Мир без звезд - Андерсон Пол Уильям (читаем книги онлайн бесплатно .txt) 📗
То же и с животными. При более низком энергетическом уровне биохимии, чем у нас, они были ничуть не менее активны. Добыв и отпрепарировав несколько экземпляров, мы обнаружил ли развитые множественные сердца, охватывающие их легкие и еще какие-то органы, о назначении которых даже не догадывались. Эволюция в конце концов порождает все, что только можно придумать.
В том числе разум. Солнце уже тронуло край озера, когда Урдуга закричал, подзывая нас к себе. Из лагеря трудно было хорошо рассмотреть корабль, разве что через очки. А их в этом климате носить было неудобно. К тому же их элементы, преобразующие инфракрасный свет в видимый, были не вечны. Так что мы их снимали при всяком удобном случае. Но тут мы их, как по команде, нацепили и уставились на «Метеор».

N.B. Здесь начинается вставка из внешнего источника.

Lemma dispersion_fun_lt l : 0 < l -> dispersion_fun c l < l ^ 2 + l ^ 3 / c.
Proof.
  intros Hl. unfold dispersion_fun.
  assert (H : coth (c / l) < 1 + / (c / l)) by (apply coth_lt_1_plus_inv, Rdiv_lt_0_compat; lra).
  replace (l ^ 2 + l ^ 3 / c) with (l ^ 2 * (1 + / (c / l))) by (field; lra).
  apply Rmult_lt_compat_l; [apply pow_lt|]; assumption.
Qed.

Lemma dispersion_fun_increasing l l' :
  0 < l -> l < l' -> dispersion_fun c l < dispersion_fun c l'.
Proof.
  intros Hl Hll. unfold dispersion_fun.
  assert (c / l' < c / l) by (apply Rmult_lt_compat_l; [|apply Rinv_lt_contravar]; nra).
  assert (coth (c / l) < coth (c / l')) by (apply coth_decreasing; [apply Rdiv_lt_0_compat|]; lra).
  assert (1 < coth (c / l)) by (apply coth_gt1, Rdiv_lt_0_compat; lra).
  assert (l ^ 2 < l' ^ 2) by nra.
  nra.
Qed.

Lemma dispersion_fun_injective l l' :
  0 < l -> 0 < l' -> dispersion_fun c l = dispersion_fun c l' -> l = l'.
Proof.
  intros Hl Hl' E.
  destruct (Rtotal_order l l') as [H|[H|H]]; [|exact H|].
  - pose proof (dispersion_fun_increasing l l' Hl H). lra.
  - pose proof (dispersion_fun_increasing l' l Hl' H). lra.
Qed.

Lemma dispersion_fun_continuous l : 0 < l -> continuity_pt (dispersion_fun c) l.
Proof.
  intros Hl. apply continuity_pt_filterlim.
  apply (ex_derive_continuous (K:=R_AbsRing) (V:=R_NormedModule)).
  assert (0 < sinh (c / l)) by (apply sinh_pos, Rdiv_lt_0_compat; lra).
  unfold dispersion_fun, coth. auto_derive. repeat split; lra.
Qed.

Lemma dispersion_fun_range T :
  (exists l, 0 < l /\ dispersion_fun c l = T) <-> 0 < T.
Proof.
  split.
  - intros [l [Hl <-]]. pose proof (dispersion_fun_gt_sq l Hl).
    assert (0 < l ^ 2) by (apply pow_lt, Hl). lra.
  - intros HT.
    (* [l0 <= 1] and [l0 (1 + 1/c) <= T/2] give [f l0 < l0^2 + l0^3/c <= T/2]. *)
    set (l0 := Rmin 1 (T / (2 * (1 + / c)))).
    assert (Hic : 0 < / c) by (apply Rinv_0_lt_compat, c_pos).
    assert (Hq : 0 < T / (2 * (1 + / c))) by (apply Rdiv_lt_0_compat; lra).
    assert (Hl0 : 0 < l0) by (apply Rmin_glb_lt; lra).
    assert (Hl01 : l0 <= 1) by apply Rmin_l.
    assert (Hl0T : l0 * (1 + / c) <= T / 2).
    { replace (T / 2) with (T / (2 * (1 + / c)) * (1 + / c)) by (field; lra).
      apply Rmult_le_compat_r; [lra|apply Rmin_r]. }
    assert (Hlow : dispersion_fun c l0 < T).
    { pose proof (dispersion_fun_lt l0 Hl0).
      assert (l0 ^ 2 + l0 ^ 3 / c <= l0 * (1 + / c)).
      { unfold Rdiv. assert (l0 ^ 2 <= l0) by (simpl; nra).
        assert (l0 ^ 3 <= l0) by (simpl; nra). nra. }
      lra. }
    assert (Hhigh : T < dispersion_fun c (T + 1)).
    { pose proof (dispersion_fun_gt_sq (T + 1)). nra. }
    destruct (Ranalysis5.IVT_interv (fun l => dispersion_fun c l - T) l0 (T + 1))
      as [z [Hz Hfz]].
    + intros x Hx. apply continuity_pt_minus.
      * apply dispersion_fun_continuous; lra.
      * apply continuity_pt_const. intros u v; reflexivity.
    + lra.
    + lra.
    + lra.
    + exists z. split; lra.
Qed.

Там, в огневом отсвете водной поверхности, плыли четыре каноэ. Выгнутые носы длинных лодок поднимались высоко над водой, и в них было по двенадцать как минимум гребцов в каждой. Против солнца было трудно разглядеть, но заметно было, что эти существа чуть меньше человека, прямоходящие, с мощными ногами и хвостом. Спустив на воду плот, мы поплыли к ним, но они поспешили прочь и скоро исчезли в сумерках.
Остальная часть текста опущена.